Depreciation and depletion increased to $25.1 million during the second quarter
of 1997 primarily as a result of the additional Fort Knox, Kubaka and Refugio
production, partially offset by lower depreciation and depletion rates at
Guanaco and Hayden Hill.

Lower general and administrative expenses of $2.0 million for the 1997 second
quarter were primarily attributed to reduced salaries and benefits, which
resulted from a second quarter 1996 corporate reorganization.

Second quarter 1997 exploration expense of $1.5 million were nearly double
second quarter 1996 expense of $0.8 million.  The increase was due to drilling
programs at the Company's Kubaka and Refugio mines, as well as increased
spending on several Canadian prospects.  Based on 1997 drilling results to date,
the Company expects to evaluate reserve or resource additions at Fort Knox and 
Refugio.

Interest expense of $10.3 million for the second quarter of 1997, a 49 percent
increase over the 1996 second quarter, was attributed to higher debt balances
necessary to complete construction of the Fort Knox mine, coupled with one month
of interest on $79.5 million in debt relating to the Kubaka construction.  No
interest was capitalized during the second quarter of 1997 due to the completion
of the Company's construction projects.

LIQUIDITY AND CAPITAL RESOURCES

Amax Gold's cash flow from operations for the first six months of 1997 more than
tripled to $21.8 million compared with $5.7 million for the comparable 1996
period.  The increased cash flow was primarily attributed to the addition of
Fort Knox, Kubaka and Refugio as well as lower total cash costs.

Completion of the Company's construction projects resulted in capital spending
of $17.0 million for the first six months of 1997, a significant reduction from
the $91.7 million in capital spending for the comparable 1996 period.  Capital
spending, excluding capitalized interest, at Fort Knox totaled approximately
$9.0 million for the first six months of 1997 for a total project cost of about
$345 million, approximately $25 million below the revised capital cost estimates
announced in April 1996.  The Kubaka mine is expected to be completed within its
revised capital budget of $228 million, also announced in April 1996.  Capital
spending for the remainder of 1997 is expected to be approximately $10 million,
split about evenly at Fort Knox and Refugio.

Net financing activities generated $55.5 million during the first six months of
1997.  During the second quarter of 1997, the Company borrowed $2.6 million
under the Cyprus Amax demand loan facility and repaid $72.2 million, reducing
outstanding borrowings under the demand loan at June 30, 1997, to $72.7 million.
In May 1997, the Company completed a $71 million tax-exempt industrial revenue
bond financing for the solid waste disposal facility at the Fort Knox mine.
Proceeds were used to repay amounts borrowed for construction of the Fort Knox
facilities under the Cyprus Amax demand loan facility.

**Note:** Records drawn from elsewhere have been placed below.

Lemma sumvec_S n F : sumvec (S n) F = nsum (fun z => sumvec n (fun v => F (Vector.cons nat z n v))).
Proof. reflexivity. Qed.

Lemma prodfin_S n a : prodfin (S n) a = a Fin.F1 * prodfin n (fun i => a (Fin.FS i)).
Proof. reflexivity. Qed.

Lemma sumvec_dirac (n : nat) (H : Vector.t nat n -> R) (a : Fin.t n -> nat) :
  sumvec n (fun zs => H zs * prodfin n (fun i => if Nat.eqb (Vector.nth zs i) (a i) then 1 else 0))
  = H (vec_of_fun n a).
Proof.
  revert H a. induction n; intros H a; simpl; [ring|].
  rewrite <- (nsum_single (a Fin.F1)). f_equal. apply functional_extensionality. intro z.
  pose proof (IHn (fun v => H (Vector.cons nat z n v) * (if Nat.eqb z (a Fin.F1) then 1 else 0))
             (fun i => a (Fin.FS i))) as E.
  simpl in E.
  transitivity (H (Vector.cons nat z n (vec_of_fun n (fun i => a (Fin.FS i))))
                * (if Nat.eqb z (a Fin.F1) then 1 else 0)).
  - rewrite <- E. f_equal. apply functional_extensionality. intro v. ring.
  - destruct (Nat.eqb_spec z (a Fin.F1)); [subst; ring | ring].
Qed.

Definition detPF {k : nat} (F : Vector.t nat k -> nat) : PF k :=
  fun x y => if Nat.eqb y (F x) then 1 else 0.

(** Deterministic functions are given on lists; only lists of length [k] matter. *)
Definition PRdet (k : nat) (F : list nat -> nat) : Prop :=
  PR k (detPF (fun x => F (Vector.to_list x))).

Lemma PRdet_ext (k : nat) (F G : list nat -> nat) :
  (forall l, length l = k -> F l = G l) -> PRdet k F -> PRdet k G.
Proof.
  unfold PRdet. intros E H.
  replace (detPF (fun x : Vector.t nat k => G (Vector.to_list x)))
    with (detPF (fun x : Vector.t nat k => F (Vector.to_list x))); auto.
  unfold detPF. apply functional_extensionality; intro x.
  rewrite E; auto. apply VectorSpec.length_to_list.
Qed.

The Company currently has
available approximately $100 million under the Cyprus Amax demand loan facility.


                                       10

 
Depending upon future gold prices, cash flow from operations for the remainder
of 1997 is expected to be sufficient to fund the Company's remaining cash needs,
including scheduled third-party debt service, subject to further declines in
gold prices. The Company is currently considering various options to restructure
its debt and capital, which could include accessing public debt and equity
markets. The Company is also reviewing business combination possibilities.

Amax Gold paid regular dividends of $1.875 on the $3.75 Series B Convertible
Preferred Stock during the first half of 1997.  At June 30, 1997, approximately
114.8 million shares of the Company's Common Stock were outstanding.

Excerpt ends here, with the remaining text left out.